▶ **Instructions to follow**:
Set out exactly, line by line, the stretch of data below that begins at the line containing "(* Every Boolean" and ends at the line containing "values on fewer", with both ends kept.

#### The data

(* Let $k$ and $d$ be two positive integers. Let $f$ be any $n$-variable Boolean function such that ${AI}(f)=k$. Let $\delta$ be any $n$-variable Boolean function such that $w_H(\delta)<\min(2^{n-k},2^{d+1}-1)$. Then $|{AI}(f+\delta)-{AI}(f)|\le d$.
   Context: An $n$-variable Boolean function is a map $\mathbb{F}_2^n\to\mathbb{F}_2$, with algebraic degree the degree of its algebraic normal form; $w_H(\delta)$ is the Hamming weight (number of $x$ with $\delta(x)=1$). ${LDA}(h)$ is the minimum algebraic degree of a nonzero $g$ with $h\cdot g=0$, and the algebraic immunity is ${AI}(f)=\min({LDA}(f),{LDA}(1+f))$. *)

From mathcomp Require Import all_boot.
Set Implicit Arguments. Unset Strict Implicit. Unset Printing Implicit Defensive.

(* Points of F_2^n and n-variable Boolean functions F_2^n -> F_2 (F_2 = bool, + = xor). *)
Definition vec (n : nat) := {ffun 'I_n -> bool}.
Definition boolfun (n : nat) := {ffun vec n -> bool}.

Definition bf_add n (f g : boolfun n) : boolfun n := [ffun x => f x (+) g x].
Definition bf_mul n (f g : boolfun n) : boolfun n := [ffun x => f x && g x].
Definition bf_one n : boolfun n := [ffun _ => true].
Definition bf_zero n : boolfun n := [ffun _ => false].

(* Algebraic normal form: coefficients a_S for monomials prod_{i in S} x_i,
   evaluated as the xor-sum of the monomials with a_S = 1. *)
Definition anf_eval n (a : {ffun {set 'I_n} -> bool}) (x : vec n) : bool :=
  \big[addb/false]_(S : {set 'I_n} | a S) [forall i in S, x i].

Definition deg_le n (f : boolfun n) (d : nat) : bool :=
  [exists a : {ffun {set 'I_n} -> bool},
     [forall x, f x == anf_eval a x] && [forall S, a S ==> (#|S| <= d)]].

Definition has_ann_le n (h : boolfun n) (d : nat) : bool :=
  [exists g : boolfun n,
     [&& g != bf_zero n, bf_mul h g == bf_zero n & deg_le g d]].

(* Every Boolean
   function has degree <= n, so the minimum is over 0..n; the default n+1
   ("infinity") only occurs when h has no nonzero annihilator (h = 1). *)
Definition LDA n (h : boolfun n) : nat :=
  \big[minn/n.+1]_(j < n.+1 | has_ann_le h j) j.

Definition AI n (f : boolfun n) : nat := minn (LDA f) (LDA (bf_add (bf_one n) f)).

Definition wH n (f : boolfun n) : nat := #|[pred x | f x]|.

From mathcomp Require Import all_boot zify.
Set Implicit Arguments. Unset Strict Implicit. Unset Printing Implicit Defensive.

(* Let g be a nonzero annihilator of degree e of f (or of 1 + f).  A nonzero
   function of degree at most e has weight at least 2^(n-e): if S is a maximal
   monomial of its ANF, its xor over each of the 2^(n-|S|) subcubes spanned by
   the coordinates in S is the coefficient of S, i.e. 1.  Hence if
   w_H(delta) < 2^(n-e), g is 1 at some x outside the support of delta.  Any
   values on fewer than 2^(d+1) points are interpolated by a function of
   degree at most d (split the points along a coordinate where two of them
   differ and induct), so some h of degree at most d is 1 at x and 0 on the
   support of delta.  Then g h is a nonzero annihilator of f + delta (resp.
   1 + f + delta) of degree at most e + d.  The reverse inequality is the
   same argument applied to f + delta when its immunity is below AI f. *)

Section AlgebraicDegree.
Variable n : nat.

Definition mono (S : {set 'I_n}) (x : vec n) : bool := [forall i in S, x i].

Lemma mono_subset (S : {set 'I_n}) x : mono S x = (S \subset [set i | x i]).
Proof. by apply/forall_inP/subsetP => Sx i /Sx; rewrite inE. Qed.

Lemma mono_setU (S T : {set 'I_n}) x : mono (S :|: T) x = mono S x && mono T x.
Proof. by rewrite !mono_subset subUset. Qed.

Definition has_deg_le (F : vec n -> bool) (d : nat) :=
  exists a : {ffun {set 'I_n} -> bool},
    (forall x, F x = anf_eval a x) /\ (forall S, a S -> #|S| <= d).

Lemma deg_leP (f : boolfun n) d : reflect (has_deg_le f d) (deg_le f d).
Proof.
apply: (iffP existsP) => [[a /andP[/forallP fa /forallP ad]]|[a [fa ad]]].
  by exists a; split => [x|S]; [exact/eqP | exact/implyP].
by exists a; apply/andP; split; apply/forallP => x; [rewrite fa | exact/implyP/ad].
Qed.

Lemma anf_evalE a x : anf_eval a x = \big[addb/false]_S (a S && mono S x).
Proof. by rewrite /anf_eval big_mkcond; apply: eq_bigr => S _; case: (a S). Qed.

Lemma has_deg_le_ext F G d : has_deg_le F d -> F =1 G -> has_deg_le G d.
Proof. by move=> [a [Fa ad]] FG; exists a; split => // x; rewrite -FG. Qed.

Lemma has_deg_le_mono (S : {set 'I_n}) d : #|S| <= d -> has_deg_le (mono S) d.
Proof.
move=> Sd; exists [ffun T => T == S]; split => [x|T]; last by rewrite ffunE => /eqP ->.
by rewrite /anf_eval (eq_bigl (pred1 S)) ?big_pred1_eq // => T; rewrite ffunE.
Qed.

Lemma has_deg_le_const (b : bool) d : has_deg_le (fun _ => b) d.
Proof.
case: b.
  have /has_deg_le_mono set0d : #|@set0 'I_n| <= d by rewrite cards0.
  by apply: (has_deg_le_ext set0d) => x; rewrite mono_subset sub0set.
exists [ffun T => false]; split => [x|T]; last by rewrite ffunE.
by rewrite /anf_eval big_pred0 // => T; rewrite ffunE.
Qed.

Lemma has_deg_le_coord i : has_deg_le (fun x => x i) 1.
Proof.
apply: (has_deg_le_ext (has_deg_le_mono (eq_leq (cards1 i)))) => x.
by rewrite mono_subset sub1set inE.
Qed.

Lemma has_deg_le_add F G d :
  has_deg_le F d -> has_deg_le G d -> has_deg_le (fun x => F x (+) G x) d.
Proof.
move=> [a [Fa ad]] [b [Gb bd]]; exists [ffun S => a S (+) b S]; split => [x|S].
  rewrite Fa Gb !anf_evalE -big_split; apply: eq_bigr => S _.
  by rewrite ffunE andb_addl.
rewrite ffunE => abS; have /orP[/ad|/bd] // : a S || b S.
by move: abS; case: (a S).
Qed.

Lemma has_deg_le_literal i (b : bool) : has_deg_le (fun x => x i == b) 1.
Proof.
have := has_deg_le_add (has_deg_le_const (~~ b) 1) (has_deg_le_coord i).
by move/has_deg_le_ext; apply=> x; case: b; case: (x i).
Qed.

Lemma has_deg_le_mul F G d1 d2 : has_deg_le F d1 -> has_deg_le G d2 ->
  has_deg_le (fun x => F x && G x) (d1 + d2).
Proof.
move=> [a [Fa ad]] [b [Gb bd]].
exists [ffun U => \big[addb/false]_(p | p.1 :|: p.2 == U) (a p.1 && b p.2)].
split => [x|U].
  rewrite Fa Gb !anf_evalE big_distrlr pair_bigA /=.
  rewrite (partition_big (fun p => p.1 :|: p.2) predT) //=; apply: eq_bigr => U _.
  rewrite ffunE big_distrl /=; apply: eq_bigr => -[S T] /eqP <-.
  by rewrite mono_setU andbACA.
rewrite ffunE; apply: contraTT; rewrite -ltnNge => dU.
rewrite big1 // => p /eqP pU; apply/negbTE/negP => /andP[/ad S1 /bd S2].
by move: dU; rewrite -pU cardsU; lia.
Qed.

End AlgebraicDegree.

Section Interpolation.
Variable n : nat.

Definition hyperplane (i : 'I_n) (b : bool) : {set vec n} := [set z : vec n | z i == b].

Lemma interpolation_step i b d (T : {set vec n}) (v h0 h1 : vec n -> bool) :
  has_deg_le h0 d.+1 -> {in T :\: hyperplane i b, h0 =1 v} ->
  has_deg_le h1 d -> {in T :&: hyperplane i b, h1 =1 (fun z => v z (+) h0 z)} ->
  exists2 h, has_deg_le h d.+1 & {in T, h =1 v}.
Proof.
move=> h0d h0v h1d h1v; exists (fun z => h0 z (+) ((z i == b) && h1 z)).
  apply: has_deg_le_add h0d _; rewrite -add1n.
  exact: has_deg_le_mul (has_deg_le_literal i b) h1d.
move=> z zT; case zib: (z i == b) => /=.
  by rewrite h1v ?inE ?zT ?zib // addbC addbK.
by rewrite addbF h0v // !inE zT zib.
Qed.

Lemma interpolation d (T : {set vec n}) (v : vec n -> bool) :
  #|T| < 2 ^ d.+1 -> exists2 h, has_deg_le h d & {in T, h =1 v}.
Proof.
have [m] := ubnP #|T|; elim: m T d v => // m IH T d v Tm Td.
have [/card_le1_eqP T1|T_gt1] := leqP #|T| 1.
  exists (fun _ => if [pick z in T] is Some z0 then v z0 else false).
    exact: has_deg_le_const.
  move=> z zT; case: pickP => [z0 z0T|/(_ z)]; last by rewrite zT.
  by rewrite (T1 _ _ zT z0T).
case/card_gt1P: (T_gt1) => x [y [xT yT /eqP xy]].
case: d Td => [|d] Td; first by move: Td; rewrite expn1; lia.
have [i xyi] : exists i, x i != y i.
  apply/existsP; apply: contra_notT xy => /existsPn xy.
  by apply/ffunP => i; apply/eqP/negPn/xy.
pose H b := T :&: hyperplane i b.
have H_gt0 b : 0 < #|H b|.
  apply/card_gt0P; case: (eqVneq (x i) b) => [xib|xib].
    by exists x; rewrite !inE xT xib eqxx.
  exists y; rewrite !inE yT.
  by move: xib xyi; case: (x i); case: (y i); case: b.
have HC b : T :\: hyperplane i b = H (~~ b).
  by apply/setP => z; rewrite !inE andbC; case: (z i); case: b.
have card_H b : #|H b| + #|H (~~ b)| = #|T| by rewrite -HC cardsID.
have [b small] : exists b, #|H b| < 2 ^ d.+1.
  have : #|H true| + #|H false| = #|T| := card_H true.
  rewrite expnS in Td.
  by case: (leqP (2 ^ d.+1) #|H true|) => ?; [exists false | exists true]; lia.
have [h0 h0d h0v] : exists2 h0, has_deg_le h0 d.+1 & {in T :\: hyperplane i b, h0 =1 v}.
  apply: IH; last by apply: leq_ltn_trans Td; exact/subset_leq_card/subsetDl.
  by rewrite HC; have := card_H b; have := H_gt0 b; lia.
have [h1 h1d h1v] :
    exists2 h1, has_deg_le h1 d & {in H b, h1 =1 (fun z => v z (+) h0 z)}.
  by apply: IH small; have := card_H b; have := H_gt0 (~~ b); lia.
exact: interpolation_step h0d h0v h1d h1v.
Qed.

End Interpolation.

Lemma big_addb_involution (I : finType) (s : I -> I) (p P : pred I) (F : I -> bool) :
  involutive s -> (forall z, p (s z) = ~~ p z) ->
  (forall z, P (s z) = P z) -> (forall z, F (s z) = F z) ->
  \big[addb/false]_(z | P z) F z = false.
Proof.
move=> sK ps Ps Fs; rewrite (bigID p) /=.
rewrite [X in _ (+) X](reindex_inj (inv_inj sK)) /=.
rewrite [X in _ (+) X](eq_big (fun z => P z && p z) F) ?addbb // => z.
by rewrite ps negbK Ps.
Qed.

Section Weight.
Variable n : nat.

Definition flip (j : 'I_n) (z : vec n) : vec n :=
  [ffun i => if i == j then ~~ z i else z i].

Lemma flipK j : involutive (flip j).
Proof. by move=> z; apply/ffunP => i; rewrite !ffunE; case: eqP; rewrite ?negbK. Qed.

Definition clear_on (S : {set 'I_n}) (z : vec n) : vec n :=
  [ffun i => (i \notin S) && z i].

Lemma card_clear_on S : #|[set clear_on S z | z : vec n]| = 2 ^ (n - #|S|).
Proof.
have -> : [set clear_on S z | z : vec n] = [set y in pffun_on false (~: S) predT].
  apply/setP => y; rewrite inE; apply/imsetP/pffun_onP => [[z _ ->]|[yS _]].
    split=> //; apply/subsetP => i; rewrite !inE ffunE; by case: (i \in S).
  exists y => //; apply/ffunP => i; rewrite ffunE.
  case iS: (i \in S) => //=; apply/negbTE/negP => yi.
  by have := subsetP yS i; rewrite !inE yi iS => /(_ isT).
rewrite cardsE card_pffun_on card_bool; congr (_ ^ _).
have := cardsC S; rewrite card_ord => cardSC.
by rewrite -[X in _ = X - _]cardSC addKn.
Qed.

Definition subcube (S : {set 'I_n}) (y : vec n) : pred (vec n) :=
  [pred z | clear_on S z == clear_on S y].

Lemma sum_subcube_mono_out (S T : {set 'I_n}) y : ~~ (S \subset T) ->
  \big[addb/false]_(z | subcube S y z) mono T z = false.
Proof.
case/subsetPn => j jS jT.
apply: (big_addb_involution (flipK j) (p := fun z : vec n => z j)).
- by move=> z; rewrite ffunE eqxx.
- move=> z; rewrite /subcube inE; congr (_ == _); apply/ffunP => i; rewrite !ffunE.
  by case: eqP => [->|//]; rewrite jS.
- move=> z; apply: eq_forallb => i; rewrite ffunE.
  by case: eqP => [->|//]; rewrite (negbTE jT).
Qed.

########

▶ **Answer for the task**:
(* Every Boolean
   function has degree <= n, so the minimum is over 0..n; the default n+1
   ("infinity") only occurs when h has no nonzero annihilator (h = 1). *)
Definition LDA n (h : boolfun n) : nat :=
  \big[minn/n.+1]_(j < n.+1 | has_ann_le h j) j.

Definition AI n (f : boolfun n) : nat := minn (LDA f) (LDA (bf_add (bf_one n) f)).

Definition wH n (f : boolfun n) : nat := #|[pred x | f x]|.

From mathcomp Require Import all_boot zify.
Set Implicit Arguments. Unset Strict Implicit. Unset Printing Implicit Defensive.

(* Let g be a nonzero annihilator of degree e of f (or of 1 + f).  A nonzero
   function of degree at most e has weight at least 2^(n-e): if S is a maximal
   monomial of its ANF, its xor over each of the 2^(n-|S|) subcubes spanned by
   the coordinates in S is the coefficient of S, i.e. 1.  Hence if
   w_H(delta) < 2^(n-e), g is 1 at some x outside the support of delta.  Any
   values on fewer than 2^(d+1) points are interpolated by a function of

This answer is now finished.